> Assignment: Hunt through the lines below for the string "reflexivity" and copy each one that has it.

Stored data
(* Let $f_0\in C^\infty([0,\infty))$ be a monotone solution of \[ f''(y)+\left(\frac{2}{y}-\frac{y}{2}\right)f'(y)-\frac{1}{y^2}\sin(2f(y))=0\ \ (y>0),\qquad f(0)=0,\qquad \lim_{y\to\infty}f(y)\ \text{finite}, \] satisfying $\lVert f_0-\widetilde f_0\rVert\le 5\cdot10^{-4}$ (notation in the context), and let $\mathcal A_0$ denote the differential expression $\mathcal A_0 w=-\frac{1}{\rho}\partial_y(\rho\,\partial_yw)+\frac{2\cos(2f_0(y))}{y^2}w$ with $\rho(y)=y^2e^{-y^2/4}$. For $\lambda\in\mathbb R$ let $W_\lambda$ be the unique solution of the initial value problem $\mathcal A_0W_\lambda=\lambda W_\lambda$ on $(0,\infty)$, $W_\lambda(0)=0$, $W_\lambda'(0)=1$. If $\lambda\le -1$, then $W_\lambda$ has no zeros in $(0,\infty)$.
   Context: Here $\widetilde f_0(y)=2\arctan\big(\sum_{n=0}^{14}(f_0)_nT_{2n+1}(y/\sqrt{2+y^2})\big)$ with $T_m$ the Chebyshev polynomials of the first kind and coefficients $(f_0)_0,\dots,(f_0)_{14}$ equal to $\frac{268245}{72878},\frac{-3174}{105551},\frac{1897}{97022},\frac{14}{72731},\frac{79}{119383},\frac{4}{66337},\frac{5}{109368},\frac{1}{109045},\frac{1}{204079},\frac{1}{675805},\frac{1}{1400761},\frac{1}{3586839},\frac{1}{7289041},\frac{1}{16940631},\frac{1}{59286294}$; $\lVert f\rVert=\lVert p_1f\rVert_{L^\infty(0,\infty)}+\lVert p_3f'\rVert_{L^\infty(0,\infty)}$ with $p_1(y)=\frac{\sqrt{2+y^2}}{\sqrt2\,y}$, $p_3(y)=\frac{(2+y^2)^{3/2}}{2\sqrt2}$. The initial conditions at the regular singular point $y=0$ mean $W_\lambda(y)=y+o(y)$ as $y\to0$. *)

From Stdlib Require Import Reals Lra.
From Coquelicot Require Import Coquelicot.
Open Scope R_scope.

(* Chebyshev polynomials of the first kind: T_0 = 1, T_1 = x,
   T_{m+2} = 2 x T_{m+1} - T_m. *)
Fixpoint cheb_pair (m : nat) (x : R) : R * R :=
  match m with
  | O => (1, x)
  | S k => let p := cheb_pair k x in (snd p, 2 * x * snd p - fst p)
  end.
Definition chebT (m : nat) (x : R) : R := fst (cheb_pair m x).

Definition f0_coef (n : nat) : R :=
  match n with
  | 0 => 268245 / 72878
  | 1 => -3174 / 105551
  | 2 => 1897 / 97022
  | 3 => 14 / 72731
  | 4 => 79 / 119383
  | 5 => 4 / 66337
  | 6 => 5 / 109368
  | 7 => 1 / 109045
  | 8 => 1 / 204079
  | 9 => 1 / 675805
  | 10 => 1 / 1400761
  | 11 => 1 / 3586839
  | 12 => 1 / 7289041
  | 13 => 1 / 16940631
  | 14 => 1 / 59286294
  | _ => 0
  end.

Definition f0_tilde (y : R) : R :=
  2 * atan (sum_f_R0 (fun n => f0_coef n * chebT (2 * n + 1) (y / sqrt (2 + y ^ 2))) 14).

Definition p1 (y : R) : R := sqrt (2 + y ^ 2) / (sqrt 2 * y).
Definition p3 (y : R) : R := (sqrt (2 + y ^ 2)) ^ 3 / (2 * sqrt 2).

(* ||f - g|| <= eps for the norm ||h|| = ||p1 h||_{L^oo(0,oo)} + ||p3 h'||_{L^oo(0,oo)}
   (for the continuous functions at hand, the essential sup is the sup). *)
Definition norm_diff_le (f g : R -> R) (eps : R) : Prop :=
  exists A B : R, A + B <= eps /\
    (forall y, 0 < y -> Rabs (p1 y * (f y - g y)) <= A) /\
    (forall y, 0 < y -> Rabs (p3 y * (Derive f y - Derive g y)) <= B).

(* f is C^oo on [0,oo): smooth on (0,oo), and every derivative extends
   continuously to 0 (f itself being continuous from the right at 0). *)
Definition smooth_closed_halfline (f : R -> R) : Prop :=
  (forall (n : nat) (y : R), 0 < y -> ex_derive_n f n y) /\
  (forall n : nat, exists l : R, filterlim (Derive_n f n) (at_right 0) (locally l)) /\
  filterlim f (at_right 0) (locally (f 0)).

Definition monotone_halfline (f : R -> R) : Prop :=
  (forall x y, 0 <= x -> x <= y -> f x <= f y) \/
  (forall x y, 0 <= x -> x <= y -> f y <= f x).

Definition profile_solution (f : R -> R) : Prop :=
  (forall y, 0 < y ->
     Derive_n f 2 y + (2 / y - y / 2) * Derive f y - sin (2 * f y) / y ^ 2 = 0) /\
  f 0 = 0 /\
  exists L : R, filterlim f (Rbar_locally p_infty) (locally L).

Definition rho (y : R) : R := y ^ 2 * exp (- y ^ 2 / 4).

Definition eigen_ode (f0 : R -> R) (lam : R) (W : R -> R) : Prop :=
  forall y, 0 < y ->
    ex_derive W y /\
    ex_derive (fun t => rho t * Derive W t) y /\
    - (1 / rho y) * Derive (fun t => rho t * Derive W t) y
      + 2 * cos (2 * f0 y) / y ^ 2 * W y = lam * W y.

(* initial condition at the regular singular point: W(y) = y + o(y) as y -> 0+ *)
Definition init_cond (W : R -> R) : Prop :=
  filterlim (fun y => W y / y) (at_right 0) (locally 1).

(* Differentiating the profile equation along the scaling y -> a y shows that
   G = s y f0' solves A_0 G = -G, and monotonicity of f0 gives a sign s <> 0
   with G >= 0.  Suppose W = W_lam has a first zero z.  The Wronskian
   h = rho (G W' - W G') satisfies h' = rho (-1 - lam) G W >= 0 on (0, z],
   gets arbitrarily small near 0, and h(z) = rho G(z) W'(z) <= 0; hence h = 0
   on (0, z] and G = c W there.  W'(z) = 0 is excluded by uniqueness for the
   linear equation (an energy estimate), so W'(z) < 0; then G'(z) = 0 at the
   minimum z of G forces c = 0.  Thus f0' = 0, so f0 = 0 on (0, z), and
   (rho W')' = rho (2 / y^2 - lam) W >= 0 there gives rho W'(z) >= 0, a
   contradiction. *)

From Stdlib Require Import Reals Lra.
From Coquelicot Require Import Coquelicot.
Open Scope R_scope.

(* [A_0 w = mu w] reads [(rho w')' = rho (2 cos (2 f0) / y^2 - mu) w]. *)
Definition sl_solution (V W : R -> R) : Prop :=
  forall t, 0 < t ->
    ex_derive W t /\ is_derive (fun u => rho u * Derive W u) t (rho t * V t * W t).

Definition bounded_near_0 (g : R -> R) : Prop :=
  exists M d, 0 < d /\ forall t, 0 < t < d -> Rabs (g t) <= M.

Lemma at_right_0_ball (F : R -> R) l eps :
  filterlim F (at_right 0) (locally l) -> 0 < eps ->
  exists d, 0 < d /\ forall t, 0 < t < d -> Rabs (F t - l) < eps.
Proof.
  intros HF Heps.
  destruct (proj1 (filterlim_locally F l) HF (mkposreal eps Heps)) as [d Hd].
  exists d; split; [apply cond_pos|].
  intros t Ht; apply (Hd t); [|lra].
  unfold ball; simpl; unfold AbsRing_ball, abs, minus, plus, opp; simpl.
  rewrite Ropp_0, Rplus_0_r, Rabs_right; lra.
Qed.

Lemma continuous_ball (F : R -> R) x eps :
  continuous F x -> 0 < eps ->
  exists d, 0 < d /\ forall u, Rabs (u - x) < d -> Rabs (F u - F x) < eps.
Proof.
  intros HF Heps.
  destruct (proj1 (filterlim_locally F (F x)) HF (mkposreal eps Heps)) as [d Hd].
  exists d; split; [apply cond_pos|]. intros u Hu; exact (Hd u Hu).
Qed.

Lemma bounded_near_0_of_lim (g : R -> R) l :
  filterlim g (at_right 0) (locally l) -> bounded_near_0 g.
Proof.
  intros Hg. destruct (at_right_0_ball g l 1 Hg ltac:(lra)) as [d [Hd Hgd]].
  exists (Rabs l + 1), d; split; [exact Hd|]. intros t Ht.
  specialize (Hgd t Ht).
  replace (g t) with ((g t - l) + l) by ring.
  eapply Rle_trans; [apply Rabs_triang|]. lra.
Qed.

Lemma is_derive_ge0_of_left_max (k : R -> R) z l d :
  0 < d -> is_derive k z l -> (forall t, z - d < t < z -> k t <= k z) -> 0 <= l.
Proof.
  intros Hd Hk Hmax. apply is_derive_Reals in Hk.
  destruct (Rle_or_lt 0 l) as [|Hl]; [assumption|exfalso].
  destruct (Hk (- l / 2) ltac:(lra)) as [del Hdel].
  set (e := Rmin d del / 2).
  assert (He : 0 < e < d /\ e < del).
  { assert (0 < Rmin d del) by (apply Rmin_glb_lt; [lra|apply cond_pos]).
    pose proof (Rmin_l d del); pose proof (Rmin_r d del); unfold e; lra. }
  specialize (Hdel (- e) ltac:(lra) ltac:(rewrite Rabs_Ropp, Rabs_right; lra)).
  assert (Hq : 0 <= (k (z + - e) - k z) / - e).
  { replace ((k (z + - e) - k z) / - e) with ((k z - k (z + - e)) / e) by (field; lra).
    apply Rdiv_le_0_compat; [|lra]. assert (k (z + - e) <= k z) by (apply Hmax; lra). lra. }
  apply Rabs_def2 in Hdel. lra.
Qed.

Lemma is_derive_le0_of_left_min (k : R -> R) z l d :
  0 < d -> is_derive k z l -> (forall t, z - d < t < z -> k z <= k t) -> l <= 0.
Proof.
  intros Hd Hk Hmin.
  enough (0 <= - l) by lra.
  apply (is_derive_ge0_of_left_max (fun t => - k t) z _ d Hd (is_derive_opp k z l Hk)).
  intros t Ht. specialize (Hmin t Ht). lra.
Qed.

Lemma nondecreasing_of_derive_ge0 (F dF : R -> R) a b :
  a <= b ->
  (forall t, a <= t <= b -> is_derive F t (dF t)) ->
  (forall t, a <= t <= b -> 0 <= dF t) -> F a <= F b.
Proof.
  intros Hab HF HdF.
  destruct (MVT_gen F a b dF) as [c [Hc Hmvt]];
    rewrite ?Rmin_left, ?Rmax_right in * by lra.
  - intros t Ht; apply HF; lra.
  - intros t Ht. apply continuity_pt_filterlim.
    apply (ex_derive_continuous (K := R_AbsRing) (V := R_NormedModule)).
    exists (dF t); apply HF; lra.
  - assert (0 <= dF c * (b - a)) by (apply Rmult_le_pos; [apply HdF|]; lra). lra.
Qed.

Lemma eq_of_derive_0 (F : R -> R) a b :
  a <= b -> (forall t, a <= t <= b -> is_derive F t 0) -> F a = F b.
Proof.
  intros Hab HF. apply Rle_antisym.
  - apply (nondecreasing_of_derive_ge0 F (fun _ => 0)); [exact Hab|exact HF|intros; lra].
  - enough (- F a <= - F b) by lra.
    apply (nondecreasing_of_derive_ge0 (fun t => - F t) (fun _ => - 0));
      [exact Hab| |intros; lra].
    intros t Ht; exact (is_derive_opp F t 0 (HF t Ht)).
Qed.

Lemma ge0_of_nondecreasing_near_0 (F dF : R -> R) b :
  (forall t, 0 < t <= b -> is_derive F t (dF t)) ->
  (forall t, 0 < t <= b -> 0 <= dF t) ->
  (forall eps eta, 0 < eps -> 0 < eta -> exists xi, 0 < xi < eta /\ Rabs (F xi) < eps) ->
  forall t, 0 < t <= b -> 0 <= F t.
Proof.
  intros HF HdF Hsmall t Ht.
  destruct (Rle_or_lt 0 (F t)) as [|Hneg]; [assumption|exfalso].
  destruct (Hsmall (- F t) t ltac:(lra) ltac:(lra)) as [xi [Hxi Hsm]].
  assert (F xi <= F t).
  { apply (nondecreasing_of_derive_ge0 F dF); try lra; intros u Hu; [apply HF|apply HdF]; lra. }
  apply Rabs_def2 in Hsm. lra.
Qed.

--

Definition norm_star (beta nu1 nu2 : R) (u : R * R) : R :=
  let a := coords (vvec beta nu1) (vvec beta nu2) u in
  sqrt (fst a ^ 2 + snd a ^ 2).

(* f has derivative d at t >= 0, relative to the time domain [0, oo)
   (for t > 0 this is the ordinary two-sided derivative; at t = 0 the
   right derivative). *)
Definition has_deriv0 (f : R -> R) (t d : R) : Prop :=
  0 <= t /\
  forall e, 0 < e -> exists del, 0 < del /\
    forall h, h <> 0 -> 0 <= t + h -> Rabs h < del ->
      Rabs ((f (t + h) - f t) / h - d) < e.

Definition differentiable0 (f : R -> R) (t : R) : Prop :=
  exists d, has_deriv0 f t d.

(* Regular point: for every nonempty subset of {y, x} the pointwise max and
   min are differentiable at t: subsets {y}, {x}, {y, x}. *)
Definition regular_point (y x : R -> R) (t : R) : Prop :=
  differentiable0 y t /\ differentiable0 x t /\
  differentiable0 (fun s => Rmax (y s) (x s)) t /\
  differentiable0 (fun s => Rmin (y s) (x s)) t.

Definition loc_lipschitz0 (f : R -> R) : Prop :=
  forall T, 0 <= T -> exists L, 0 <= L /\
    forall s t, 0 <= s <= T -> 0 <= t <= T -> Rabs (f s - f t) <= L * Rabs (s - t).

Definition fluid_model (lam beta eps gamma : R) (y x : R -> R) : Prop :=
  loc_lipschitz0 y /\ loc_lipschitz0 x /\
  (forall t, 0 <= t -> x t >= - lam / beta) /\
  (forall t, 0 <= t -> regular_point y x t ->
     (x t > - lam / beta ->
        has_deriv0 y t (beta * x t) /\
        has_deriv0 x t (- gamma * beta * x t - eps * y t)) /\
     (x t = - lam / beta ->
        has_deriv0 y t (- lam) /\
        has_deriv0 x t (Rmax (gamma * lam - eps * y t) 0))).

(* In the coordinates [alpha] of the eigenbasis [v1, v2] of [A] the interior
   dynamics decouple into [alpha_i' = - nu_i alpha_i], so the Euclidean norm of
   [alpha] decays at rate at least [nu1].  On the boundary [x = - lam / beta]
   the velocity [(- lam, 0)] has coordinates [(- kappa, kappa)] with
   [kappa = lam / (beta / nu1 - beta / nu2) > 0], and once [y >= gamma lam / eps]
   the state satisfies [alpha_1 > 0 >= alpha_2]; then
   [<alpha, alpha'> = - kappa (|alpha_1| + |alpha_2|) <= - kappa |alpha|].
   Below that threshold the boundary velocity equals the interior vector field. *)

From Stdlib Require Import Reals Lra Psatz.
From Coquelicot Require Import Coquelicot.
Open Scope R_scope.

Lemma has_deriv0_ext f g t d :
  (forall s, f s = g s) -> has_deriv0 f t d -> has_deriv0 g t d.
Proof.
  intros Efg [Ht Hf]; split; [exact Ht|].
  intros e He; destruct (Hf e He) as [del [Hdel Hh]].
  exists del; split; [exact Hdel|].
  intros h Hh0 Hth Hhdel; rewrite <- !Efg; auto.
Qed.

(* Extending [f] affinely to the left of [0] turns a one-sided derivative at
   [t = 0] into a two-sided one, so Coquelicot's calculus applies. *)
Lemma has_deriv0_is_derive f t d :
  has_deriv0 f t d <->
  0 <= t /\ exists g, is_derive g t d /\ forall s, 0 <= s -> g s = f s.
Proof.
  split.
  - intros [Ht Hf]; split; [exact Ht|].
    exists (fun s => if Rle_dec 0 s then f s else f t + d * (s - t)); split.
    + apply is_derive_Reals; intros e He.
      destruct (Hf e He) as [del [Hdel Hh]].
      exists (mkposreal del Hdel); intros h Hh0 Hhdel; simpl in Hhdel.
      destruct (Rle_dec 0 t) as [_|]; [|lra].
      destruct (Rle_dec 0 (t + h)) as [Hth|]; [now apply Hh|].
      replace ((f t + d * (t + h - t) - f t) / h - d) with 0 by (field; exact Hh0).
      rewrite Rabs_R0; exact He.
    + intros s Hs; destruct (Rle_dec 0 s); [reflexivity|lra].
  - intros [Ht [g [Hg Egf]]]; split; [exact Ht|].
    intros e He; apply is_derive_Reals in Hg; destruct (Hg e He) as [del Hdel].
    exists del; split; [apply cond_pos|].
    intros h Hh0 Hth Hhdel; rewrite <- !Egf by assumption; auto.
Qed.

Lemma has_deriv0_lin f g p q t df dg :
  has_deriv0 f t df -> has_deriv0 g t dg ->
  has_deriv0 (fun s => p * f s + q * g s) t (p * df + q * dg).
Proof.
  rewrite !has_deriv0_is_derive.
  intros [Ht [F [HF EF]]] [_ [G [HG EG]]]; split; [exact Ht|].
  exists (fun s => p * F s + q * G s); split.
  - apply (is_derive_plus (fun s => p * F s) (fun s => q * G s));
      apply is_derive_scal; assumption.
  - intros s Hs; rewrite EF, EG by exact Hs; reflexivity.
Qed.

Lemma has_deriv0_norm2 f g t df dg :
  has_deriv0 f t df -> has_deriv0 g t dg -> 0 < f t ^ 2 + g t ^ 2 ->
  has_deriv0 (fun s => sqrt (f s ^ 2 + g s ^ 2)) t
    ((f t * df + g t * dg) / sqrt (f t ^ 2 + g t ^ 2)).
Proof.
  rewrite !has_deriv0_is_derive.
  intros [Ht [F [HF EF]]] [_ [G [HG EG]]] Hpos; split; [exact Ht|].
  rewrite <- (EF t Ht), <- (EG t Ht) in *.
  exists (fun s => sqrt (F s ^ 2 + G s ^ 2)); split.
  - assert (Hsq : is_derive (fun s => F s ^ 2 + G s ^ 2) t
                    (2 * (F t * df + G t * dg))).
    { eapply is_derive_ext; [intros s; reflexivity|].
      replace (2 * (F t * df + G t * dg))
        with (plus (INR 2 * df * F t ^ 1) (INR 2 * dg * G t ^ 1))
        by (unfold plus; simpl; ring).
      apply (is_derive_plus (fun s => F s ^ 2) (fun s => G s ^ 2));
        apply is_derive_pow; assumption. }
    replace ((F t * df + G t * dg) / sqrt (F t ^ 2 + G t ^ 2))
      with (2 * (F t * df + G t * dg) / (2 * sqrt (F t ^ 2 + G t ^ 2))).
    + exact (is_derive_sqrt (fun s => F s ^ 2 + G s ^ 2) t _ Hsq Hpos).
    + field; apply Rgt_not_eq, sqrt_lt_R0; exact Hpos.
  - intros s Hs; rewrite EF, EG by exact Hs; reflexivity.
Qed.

> Task result:
    + intros s Hs; destruct (Rle_dec 0 s); [reflexivity|lra].
  - intros s Hs; rewrite EF, EG by exact Hs; reflexivity.
    { eapply is_derive_ext; [intros s; reflexivity|].
  - intros s Hs; rewrite EF, EG by exact Hs; reflexivity.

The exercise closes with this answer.